6 MUDLOGGING NOTES
5.4 DRILLING FLUID PROPERTIES
To achieve the listed objectives, either in total or in part, the drilling fluid is tested and continuously modified by dilution and chemical addition. Geological changes down hole require versatility in blending.
To achieve the optimum performance from any drilling fluid system it must be constantly modified and rebuilt. The testing of drilling fluids is extremely varied and it is becoming increasingly complex. The objective is, however, always the same: To monitor the system to provide the optimum drilling environment with the maximum formation protection.
This monitoring of the mud is done on an almost continuous basis, principally by the operation of chemical testing. Tests and testing procedures vary enormously depending upon the specific requirements at the time and the type of drilling fluid in use.
A drilling fluid engineer will use the range of tests on which to base a recommended treatment.
He will develop a “feel” for the chemical interactions that are taking place and react accordingly.
Prior to discussing the range of systems in use today, and some of the systems no longer in use, it is useful to cover the basic drilling fluid properties.
A wide battery of tests is available to the engineer. Testing can take considerable time and results are of varying importance. The introduction of new chemicals or the running of new systems naturally requires additional testing. As it is not possible to effectively report on all the tests available in this context, it is beneficial to cover the standard tests that are carried out on the bulk of water-based systems.
It is recommended that the Wellsite Geologist becomes familiar with the Daily Mud Engineering Report and maintains a close liaison with the Drilling Fluid Engineer.

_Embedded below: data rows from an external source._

(* Let $W\in\{\mathrm{A}_{\frac12\infty},\mathrm{D}_{\frac12\infty}\}$ and $\lambda\in\mathbb{C}$, and set $\check H_{W,\lambda}=\{\xi\in\check H_{W,\mathbb{C}}:\dot I_W(\xi)=\lambda\xi\}$, $\overline H_{W,\lambda}=\check H_{W,\lambda}\cap\overline H_{W,\mathbb{C}}$. Then $\dim_{\mathbb{C}}\check H_{W,\lambda}=1$ and $\dim_{\mathbb{C}}\overline H_{W,\lambda}=0$, except in the case $W=\mathrm{D}_{\frac12\infty}$, $\lambda=2$, where $\dim_{\mathbb{C}}\check H_{W,2}=2$, $\dim_{\mathbb{C}}\overline H_{W,2}=1$, and $\overline H_{W,2}$ is spanned by $\gamma_{c_0^+}-\gamma_{c_0^-}$.
   Context: Index sets: $C_{W,0}=\{c_0^{(n)}:n\ge1\}$ (type $\mathrm{A}_{\frac12\infty}$) or $\{c_0^{(n)}:n\ge1\}\cup\{c_0^+,c_0^-\}$ (type $\mathrm{D}_{\frac12\infty}$); $C_{W,1}=\{c_1^{(n)}:n\ge1\}$; $C_W=C_{W,0}\sqcup C_{W,1}$. Adjacency: $c_0^{(n)}$ is adjacent to $c_1^{(n)}$ and $c_1^{(n+1)}$ ($n\ge1$); in type D, $c_0^\pm$ are adjacent to $c_1^{(1)}$; no others. $\overline H_{W,\mathbb{C}}$ is the Hilbert space $\ell^2(C_W)$ with orthonormal basis $\{\gamma_c\}$, and $\check H_{W,\mathbb{C}}=\prod_{c\in C_W}\mathbb{C}\gamma_c$ is the space of all formal sums $\sum a_c\gamma_c$. $I_W$ is the symmetric form with $I_W(\gamma_c,\gamma_c)=2$, $I_W(\gamma_c,\gamma_{c'})=-1$ if $c,c'$ adjacent, $0$ otherwise (i.e. $I_W=J_W+{}^tJ_W$, the intersection form for suspension dimension $d\equiv0\bmod 4$), and $\dot I_W(\xi)=\sum_{c}I_W(\xi,\gamma_c)\gamma_c$, which is well defined on $\check H_{W,\mathbb{C}}$ since each index has finitely many neighbours. *)

From Stdlib Require Import Reals.
From Coquelicot Require Import Coquelicot.
Open Scope R_scope.

Inductive Wtype := TypeA | TypeD .
(* Let $f:\mathbb{R}^n\to\mathbb{R}$ be differentiable, $\mu$-strongly convex, with $L$-Lipschitz gradient $\nabla f$, and let $x^*$ be its unique minimizer. Suppose the estimators $G^t$ are independent versions of an unbiased estimator $G$ of $\nabla f$, and that $G$ is $L$-Lipschitz continuous almost surely. Let $\mathcal{E}^t$ denote the event that $\|G^t(x^t)\|_\infty\le\eta$. Then the iterates of SMGD satisfy $$\mathbb{E}\left[\|x^{t+1}-x^*\|_2^2\,\middle|\,x^t,\mathcal{E}^t\right]\le\Big(1-\frac{2\alpha\mu}{\eta}\Big)\|x^t-x^*\|_2^2+\frac{L\alpha^2\sqrt{n}}{\eta}\|x^t-x^*\|_2+\frac{\alpha^2}{\eta}\,\mathbb{E}\left[\|G^t(x^* )\|_1\,\middle|\,x^t,\mathcal{E}^t\right].$$
   Context: A differentiable $f$ is $\mu$-strongly convex if $\langle\nabla f(x)-\nabla f(y),x-y\rangle\ge\mu\|x-y\|_2^2$ for all $x,y$. SMGD: Let $\alpha>0$, $\eta>0$, $x^0\in\alpha\mathbb{Z}^n$. At step $t$ a random vector $G^t(x^t)\in\mathbb{R}^n$ is drawn; then for each coordinate $i$, conditionally on $G^t$ and $x^t$, $\Delta^t_i\in\{0,1\}$ is Bernoulli with $\mathbb{P}[\Delta^t_i=1\mid G^t,x^t]=\min(|G^t(x^t)_i|/\eta,1)$, and $x^{t+1}_i=x^t_i-\alpha\,\mathrm{sgn}(G^t(x^t)_i)\Delta^t_i$. A random function $G$ is an unbiased estimator of $\nabla f$ if $\mathbb{E}[G(x)]=\nabla f(x)$ for all $x$. Standing assumptions: $\{G^t\}$ are i.i.d. copies of $G$, each $G^t$ is independent of $x^t$, and $\mathbb{E}[G^t(x^t)\mid x^t,\mathcal{E}^t]=\nabla f(x^t)$. *)

From HB Require Import structures.
From mathcomp Require Import all_boot all_order all_algebra.
From mathcomp Require Import all_classical all_reals all_analysis.
Set Implicit Arguments. Unset Strict Implicit. Unset Printing Implicit Defensive.
Import Order.TTheory GRing.Theory Num.Theory.
Import numFieldNormedType.Exports.
Local Open Scope classical_set_scope.
Local Open Scope ring_scope.

Section Norms.
Variables (R : realType) (n : nat).
Definition dotp (u v : 'rV[R]_n) : R := \sum_(i < n) u 0 i * v 0 i.
Definition norm2sq (v : 'rV[R]_n) : R := \sum_(i < n) (v 0 i) ^+ 2.
Definition norm2 (v : 'rV[R]_n) : R := Num.sqrt (norm2sq v).
Definition norm1 (v : 'rV[R]_n) : R := \sum_(i < n) `|v 0 i|.
Definition norminf (v : 'rV[R]_n) : R := \big[Num.max/0]_(i < n) `|v 0 i|.
Definition grad (f : 'rV[R]_n -> R) (x : 'rV[R]_n) : 'rV[R]_n :=
  \row_(i < n) ('d f x (delta_mx 0 i : 'rV[R]_n)).
End Norms.

Definition strongly_convex (R : realType) n (f : 'rV[R]_n -> R) (mu : R) :=
  forall x y, mu * norm2sq (x - y) <= dotp (grad f x - grad f y) (x - y).

Definition condE d (T : measurableType d) (R : realType)
  (P : probability T R) (E : set T) (X : T -> \bar R) : \bar R :=
  ((\int[P]_(w in E) X w) * ((fine (P E))^-1)%:E)%E.

Definition sigmaG d (T : measurableType d) (R : realType) n
  (G : T -> 'rV[R]_n -> 'rV[R]_n) : set (set T) :=
  <<s [set A | exists (y : 'rV[R]_n) (j : 'I_n) (B : set R),
         measurable B /\ A = (fun w => G w y 0 j) @^-1` B] >>.

(* One SMGD step from state x, with estimator draw G w and Bernoulli mask D w. *)
Definition smgd_step (R : realType) n (alpha : R) (x : 'rV[R]_n)
  (g : 'rV[R]_n) (D : 'I_n -> R) : 'rV[R]_n :=
  \row_(i < n) (x 0 i - alpha * Num.sg (g 0 i) * D i).

From HB Require Import structures.
From mathcomp Require Import all_boot all_order all_algebra.
From mathcomp Require Import all_classical all_reals all_analysis.
From mathcomp Require Import ring lra measurable_realfun.
Import Order.TTheory GRing.Theory Num.Theory.
Import numFieldNormedType.Exports.
Local Open Scope classical_set_scope.
Local Open Scope ring_scope.
Set Implicit Arguments. Unset Strict Implicit. Unset Printing Implicit Defensive.

(* Write a := x - xs, g := G(x) and s_i := sg(g_i).  Because every mask D_i is
   0 or 1 and s_i^2 <= 1, the squared distance after one step is at most
   |a|^2 + sum_i (alpha^2 D_i - 2 alpha a_i s_i D_i).  Conditionally on sigma(g) the
   mask D_i has mean min(|g_i|/eta, 1), which equals |g_i|/eta on the event
   E = {|g|_oo <= eta}; splitting E according to the sign of g_i therefore gives
   E[D_i | E] = E[|g_i| | E]/eta and E[s_i D_i | E] = E[g_i | E]/eta = grad_i f(x)/eta.
   Strong convexity at the minimiser (where the gradient vanishes) bounds
   <grad f(x), a> below by mu |a|^2, and the almost sure Lipschitz bound combined with
   |v|_1 <= sqrt n |v|_2 gives |G(x)|_1 <= |G(xs)|_1 + sqrt n L |a|. *)

Lemma sqr_sum_le_mul_sum_sqr (R : realDomainType) n (b : 'I_n -> R) :
  (\sum_i b i) ^+ 2 <= n%:R * \sum_i b i ^+ 2.
Proof.
rewrite -(ler_pMn2r (isT : 0 < 2)%N).
have <- : \sum_i \sum_j (b i ^+ 2 + b j ^+ 2) = n%:R * (\sum_i b i ^+ 2) *+ 2.
  under eq_bigr do rewrite big_split /= sumr_const card_ord.
  by rewrite big_split /= sumr_const card_ord sumrMnl mulr_natl mulr2n.
rewrite expr2 mulr_suml -(sumrMnl _ _ _ 2) ler_sum // => i _.
rewrite mulr_sumr -(sumrMnl _ _ _ 2) ler_sum // => j _.
exact: leif_mean_square_scaled.
Qed.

The Drilling Fluid Engineer is often aware of changes to the mud that are being driven by formation chemistry that the Wellsite Geologist may not see. The dispersing nature of some formations often will not be seen by the Wellsite Geologist in their samples, as the material may have dispersed into the drilling fluid.
The principal testing on most water-based muds and reported in the Daily Mud Engineering Report consists of the following:
5.4.1 Sample
The drilling fluid is generally sampled from either the “active” mud pit (the pit on line) or the Flowline. The report form will indicate from where the sample was collected. A pit sample should reflect what is going down the hole, after chemical treatment and solids removal. It should be accurate to the well program in terms of its chemistry. Flow Line samples are extremely useful to compare with the Pit sample. This comparison will indicate the effects down-hole exposure is having upon the mud. Discuss the variance with the mud engineer to extract formation chemistry information. The rate of mud disintegration and the chemical changes being experienced can indicate the type and nature of formation being drilled.
5.4.2 Time Sample Taken
Noting the time the sample was collected will enable the engineer to compare the rate of chemical change from the time the samples were taken. Ideally a full test should be taken on a Pit Sample and a further test taken at the Flow Line once a full circulation has completed. Note the Circulation Times from the form and the actual test times to determine where the sample was at the time of testing.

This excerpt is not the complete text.